05/27/2026
What looks like a mess in a play based classroom is so much more.
This kind of open ended art experience supports development across nearly every learning domain.
The children are making choices about colors, textures, tools, and designs. Open ended art encourages creativity, originality, and confidence in expressing ideas without a “right” or “wrong” outcome.
Holding paintbrushes, squeezing paint bottles, rotating rocks, and controlling brush strokes strengthens the small muscles in the hands and fingers needed for writing, cutting, buttoning, and self-help skills.

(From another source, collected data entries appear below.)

Lemma smooth_on_fmul : open U -> smooth_on U (fmul F G).
Proof.
  intros oU l x u p Uq. destruct (iter_part_fmul_leibniz oU l) as [L HL]. split.
  - apply (continuous_ext_loc _ (unc (leibniz_sum F G L))).
    + apply (filter_imp (fun q => U q)); [|exact (oU _ Uq)].
      intros [[x' u'] p'] Uq'. unfold unc. simpl. symmetry. apply HL, Uq'.
    + apply continuous_leibniz_sum, Uq.
  - intros d. apply (slice_derivable_ext_on U (leibniz_sum F G L)); try assumption.
    + intros x' u' p' Uq'. symmetry. apply HL, Uq'.
    + apply slice_derivableE, (leibniz_sum_derive d x u p L Uq).
Qed.

Lemma dpart_fmul d x u p : U (x, u, p) ->
  dpart d (fmul F G) x u p = dpart d F x u p * G x u p + F x u p * dpart d G x u p.
Proof.
  intros Uq. rewrite !dpart_slice.
  replace (slice d (fmul F G) x u p) with
    (fun t => slice d F x u p t * slice d G x u p t) by now destruct d.
  rewrite Derive_mult.
  - now destruct d.
  - apply slice_derivableE, (proj2 (sF [] x u p Uq)).
  - apply slice_derivableE, (proj2 (sG [] x u p Uq)).
Qed.

End Leibniz.

Lemma app_fmul (U : pt -> Prop) V F G x u p :
  smooth_on U F -> smooth_on U G -> U (x, u, p) ->
  app V (fmul F G) x u p = app V F x u p * G x u p + F x u p * app V G x u p.
Proof.
  intros sF sG Uq. unfold app.
  generalize (dpart_fmul U F G sF sG Defs.Dx x u p Uq),
    (dpart_fmul U F G sF sG Defs.Du x u p Uq),
    (dpart_fmul U F G sF sG Defs.Dp x u p Uq).
  simpl. intros -> -> ->. ring.
Qed.
(* Let $T_{p,q}(x)=\dfrac{U_p\left(\frac{\sin x}{x}\right)}{U_q(\cos x)}$ for $x\in(0,\pi/2)$ and $p,q\in\mathbb{R}$. Then (i) when $q>1$, $T_{p,q}$ is increasing on $(0,\pi/2)$ for $p\le3q-\frac85$; (ii) when $q=1$, $T_{p,q}$ is increasing on $(0,\pi/2)$ for $p\le\frac75$ and decreasing on $(0,\pi/2)$ for $p\ge\frac{\pi^2}{4}-1$; (iii) when $\frac{34}{35}<q<1$, $T_{p,q}$ is decreasing on $(0,\pi/2)$ for $p\ge\frac{\pi^2}{4}-1$; (iv) when $q\le\frac{34}{35}$, $T_{p,q}$ is decreasing on $(0,\pi/2)$ for $p\ge3q-\frac85$.
   Context: For $t\in(0,1)$: $U_p(t)=\frac{1-t^p}{p}$ if $p\ne0$ and $U_0(t)=-\ln t$. *)

From Stdlib Require Import Reals.
Open Scope R_scope.

Definition U (p t : R) : R :=
  if Req_EM_T p 0 then - ln t else (1 - Rpower t p) / p.

Definition T (p q x : R) : R := U p (sin x / x) / U q (cos x).

Definition increasing_on_0_pi2 (f : R -> R) : Prop :=
  forall x y, 0 < x -> x < y -> y < PI / 2 -> f x < f y.
Definition decreasing_on_0_pi2 (f : R -> R) : Prop :=
  forall x y, 0 < x -> x < y -> y < PI / 2 -> f y < f x.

The children are experiencing different textures, temperatures, weights, and consistencies:
smooth rocks
thick paint
wet surfaces
slippery brushes
Sensory play helps build brain connections and supports regulation and body awareness.

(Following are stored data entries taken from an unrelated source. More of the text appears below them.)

(* There is an absolute constant $c>0$ such that for all integers $k\ge1$, all $n\le m$ and every $k$-monotone sequence $X\in[n]^m$, $\mathsf{F}^{k}(X)\le c\,k\cdot|X|$.
   Context: A sequence $X\in[n]^m$ is $k$-monotone if it can be partitioned into $k$ (not necessarily contiguous) subsequences that are all increasing or all decreasing. Standing assumption: $m\ge n$. $k$-finger cost: for a static BST $T$ on $[n]$, $d_T(a,b)$ is the number of edges between $a$ and $b$ in $T$. A $k$-finger strategy is an initial vector $\vec\ell\in[n]^k$ and $\vec f\in[k]^m$, finger $f_t$ serving $x_t$, with cost $\sum_{t=1}^m(1+d_T(x_t,p_t))$ where $p_t$ is the position of finger $f_t$ before time $t$ (its last served key, or $\ell_{f_t}$). $\mathsf{F}^k_T(X)$ is the minimum such cost and $\mathsf{F}^k(X)=\min_T\mathsf{F}^k_T(X)$ over BSTs $T$ on $[n]$. *)

From mathcomp Require Import all_boot.
Set Implicit Arguments. Unset Strict Implicit. Unset Printing Implicit Defensive.

Inductive tree := Leaf | Node of tree & nat & tree.

Fixpoint inorder (t : tree) : seq nat :=
  match t with Leaf => [::] | Node l k r => inorder l ++ k :: inorder r end.

(* A (static) BST on [n] = {1,...,n}: its in-order traversal is 1,2,...,n
   (this forces the search-tree property and that the key set is exactly [n]). *)
Definition is_bst_on (n : nat) (t : tree) : Prop := inorder t = iota 1 n.

Fixpoint spath (t : tree) (x : nat) : seq nat :=
  match t with
  | Leaf => [::]
  | Node l k r =>
      k :: (if x < k then spath l x else if k < x then spath r x else [::])
  end.

Fixpoint lcp (s1 s2 : seq nat) : nat :=
  match s1, s2 with
  | a :: s1', b :: s2' => if a == b then (lcp s1' s2').+1 else 0
  | _, _ => 0
  end.

(* d_T(a,b): number of edges on the tree path between nodes a and b
   = depth a + depth b - 2 depth(lca a b). *)
Definition dist (t : tree) (a b : nat) : nat :=
  let pa := spath t a in let pb := spath t b in
  (size pa - lcp pa pb) + (size pb - lcp pa pb).

(* Cost of serving X with finger assignment F, current finger positions pos
   (pos`_i = position of finger i), charging 1 + d_T(x_t, p_t) per access. *)
Fixpoint finger_cost (t : tree) (pos : seq nat) (X F : seq nat) : nat :=
  match X, F with
  | x :: X', f :: F' =>
      1 + dist t x (nth 0 pos f) + finger_cost t (set_nth 0 pos f x) X' F'
  | _, _ => 0
  end.

(* A k-finger strategy on T for X: initial vector l in [n]^k and f in [k]^m
   (fingers indexed 0..k-1). *)
Definition valid_strategy (n k : nat) (X l F : seq nat) : Prop :=
  size l = k /\ all (fun p => (1 <= p <= n)) l /\
  size F = size X /\ all (fun f => f < k) F.

(* "F^k(X) <= B": some BST T on [n] and some k-finger strategy on T serve X
   at cost at most B (equivalently, min_T min_strategy cost <= B). *)
Definition Fk_le (n k : nat) (X : seq nat) (B : nat) : Prop :=
  exists (t : tree) (l F : seq nat),
    is_bst_on n t /\ valid_strategy n k X l F /\ finger_cost t l X F <= B.

Definition in_range (n : nat) (X : seq nat) : bool := all (fun x => 1 <= x <= n) X.

(* k-monotone: a colouring of positions by k colours such that every colour
   class (as a subsequence of X) is increasing, or every class is decreasing. *)
Definition k_monotone (k : nat) (X : seq nat) : Prop :=
  exists cols : seq nat,
    size cols = size X /\ all (fun c => c < k) cols /\
    ((forall c, c < k -> sorted leq (mask [seq d == c | d <- cols] X)) \/
     (forall c, c < k -> sorted geq (mask [seq d == c | d <- cols] X))).

(** The path-shaped BST whose root is 1 and in which every key k has k+1 as
    right child realises d_T(a, b) = |a - b|.  A finger that only moves in one
    direction then pays, over the whole sequence, at most the distance to the
    far end of [n]: with the potential n - p (increasing case, all fingers
    starting at 1) or p (decreasing case, all fingers starting at n), each
    access costs at most 1 plus the drop in potential.  Hence the cost is at most
    m + k n <= 2 k m. *)
From mathcomp Require Import all_boot zify.

Set Implicit Arguments.
Unset Strict Implicit.
Unset Printing Implicit Defensive.

Fixpoint right_chain (i n : nat) : tree :=
  if n is n'.+1 then Node Leaf i (right_chain i.+1 n') else Leaf.

Lemma inorder_right_chain i n : inorder (right_chain i n) = iota i n.
Proof. by elim: n i => [|n IHn] i //=; rewrite IHn. Qed.

Lemma spath_right_chain i n x :
  i <= x < i + n -> spath (right_chain i n) x = iota i (x - i).+1.
Proof.
elim: n i => [|n IHn] i /=; first lia.
move=> x_in; rewrite ltnNge (_ : i <= x) //=; last lia.
case: ltnP => [lt_ix | le_xi]; last by have -> : x - i = 0 by lia.
by rewrite IHn; [congr (_ :: iota _ _) | ]; lia.
Qed.

Lemma lcp_iota i p q : lcp (iota i p) (iota i q) = minn p q.
Proof. by elim: p q i => [|p IHp] [|q] i //=; rewrite eqxx IHp; lia. Qed.

Lemma dist_right_chain i n a b : i <= a < i + n -> i <= b < i + n ->
  dist (right_chain i n) a b = (a - b) + (b - a).
Proof.
move=> a_in b_in; rewrite /dist !spath_right_chain // lcp_iota !size_iota; lia.
Qed.

Lemma sumn_map_set_nth (f : nat -> nat) s c x : c < size s ->
  sumn (map f (set_nth 0 s c x)) + f (nth 0 s c) = sumn (map f s) + f x.
Proof. by elim: s c => [|y s IHs] [|c] //= => [_ | /IHs]; lia. Qed.

Lemma all_set_nth (P : pred nat) s c x : c < size s ->
  all P s -> P x -> all P (set_nth 0 s c x).
Proof.
move=> lt_c Ps Px; apply/(all_nthP 0) => j.
rewrite size_set_nth (maxn_idPr lt_c) nth_set_nth /= => lt_j.
by case: eqP => // _; apply: (all_nthP 0 Ps).
Qed.

Section Potential.

Variables (t : tree) (P : pred nat) (e : rel nat) (phi : nat -> nat).

Hypothesis dist_le_potential_drop :
  {in P &, forall p x, e p x -> dist t x p + phi x <= phi p}.

Lemma finger_cost_le_potential (pos X F : seq nat) :
  all P pos -> all P X -> all (fun f => f < size pos) F -> size F = size X ->
  (forall c, c < size pos -> path e (nth 0 pos c) (mask [seq d == c | d <- F] X)) ->
  finger_cost t pos X F <= size X + sumn (map phi pos).
Proof.
elim: X F pos => [|x X IHX] [|f F] pos //= Ppos /andP[Px PX] /andP[f_lt F_lt].
move=> [sizeF] paths; set p := nth 0 pos f.
have Pp : P p by apply: (all_nthP 0 Ppos).
have e_px : e p x by have := paths f f_lt; rewrite eqxx /= => /andP[].
have step : dist t x p + phi x <= phi p by exact: dist_le_potential_drop.
have shift := sumn_map_set_nth phi x f_lt.
have size_pos' : size (set_nth 0 pos f x) = size pos.
  by rewrite size_set_nth; apply/maxn_idPr.
have IH : finger_cost t (set_nth 0 pos f x) X F
           <= size X + sumn (map phi (set_nth 0 pos f x)).
  apply: IHX; rewrite ?size_pos' ?all_set_nth // => c c_lt.
  have := paths c c_lt; rewrite nth_set_nth /=.
  by have [-> /andP[] |] := eqVneq c f.
by rewrite -/p in shift; lia.
Qed.

End Potential.

Lemma Fk_le_monotone_fingers n k X cols (e : rel nat) (phi : nat -> nat) p B :
  1 <= p <= n -> in_range n X -> transitive e -> all (e p) X ->
  size cols = size X -> all (fun c => c < k) cols ->
  (forall c, c < k -> sorted e (mask [seq d == c | d <- cols] X)) ->
  {in fun a => 1 <= a <= n &, forall a b, e a b ->
     dist (right_chain 1 n) b a + phi b <= phi a} ->
  size X + k * phi p <= B -> Fk_le n k X B.
Proof.
move=> p_in X_in e_tr eX size_cols cols_lt sorted_cols dist_drop le_B.
have start_in : all (fun a => 1 <= a <= n) (nseq k p) by rewrite all_nseq p_in orbT.
exists (right_chain 1 n), (nseq k p), cols.
split; first exact: inorder_right_chain.
split; first by repeat split; rewrite ?size_nseq.
have cols_lt' : all (fun c => c < size (nseq k p)) cols by rewrite size_nseq.
have paths c : c < size (nseq k p) ->
    path e (nth 0 (nseq k p) c) (mask [seq d == c | d <- cols] X).
  rewrite size_nseq => c_lt; rewrite nth_nseq c_lt (path_sortedE e_tr).
  by rewrite sorted_cols // andbT all_mask.
apply: leq_trans le_B.
have := finger_cost_le_potential dist_drop start_in X_in cols_lt' size_cols paths.
by rewrite map_nseq sumn_nseq mulnC.
Qed.

Theorem theorem11 :
  exists c : nat, 0 < c /\
    forall (k n m : nat) (X : seq nat),
      1 <= k -> 1 <= n -> n <= m ->
      size X = m -> in_range n X -> k_monotone k X ->
      Fk_le n k X (c * k * size X).
Proof.
exists 2; split => // k n m X k_gt0 n_gt0 le_nm size_X X_in.
have X_bound := sub_all _ X_in.
case=> cols [size_cols [cols_lt [incr | decr]]].
- apply: (Fk_le_monotone_fingers (phi := fun a => n - a) (p := 1) _ X_in leq_trans
    _ size_cols cols_lt incr); [lia | | | nia].
  + by apply: X_bound => x /andP[].
  + by move=> a b a_in b_in le_ab; rewrite dist_right_chain //; lia.
- apply: (Fk_le_monotone_fingers (phi := id) (p := n) _ X_in (rev_trans leq_trans)
    _ size_cols cols_lt decr); [lia | | | nia].
  + by apply: X_bound => x /andP[].
  + by move=> a b a_in b_in le_ba; rewrite dist_right_chain //; lia.
Qed.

They are experimenting and making discoveries:
What happens when colors mix?
How does paint stick to different surfaces?
What happens if the paint is thick or thin?
Which tools work best?
This is early scientific thinking through hands-on exploration.
Problem Solving & Critical Thinking are also at play!
Children are planning, adapting, and revising: deciding where to paint, figuring out how to hold the rock, changing strategies when colors blend unexpectedly, and working around limited space or materials.
This activity also supports social emotional learning too! Sharing materials, waiting for turns, observing peers, collaborating, developing patience, and building confidence and independence.
Creative experiences also provide emotional expression and stress release.
During activities like this, children naturally develop vocabulary related to: colors, textures, shapes, process words (“mix,” “cover,” “drip,” “swirl”), storytelling and conversation with peers.
Sustained art experiences help children practice concentration, persistence, and task engagement which are important foundations for later academic learning.
What started as one child choosing to paint a rock became a whole morning of learning just by following the children's lead.
We may not have anything to send home today (other than paint stains) but we have spent our day learning SO much through play!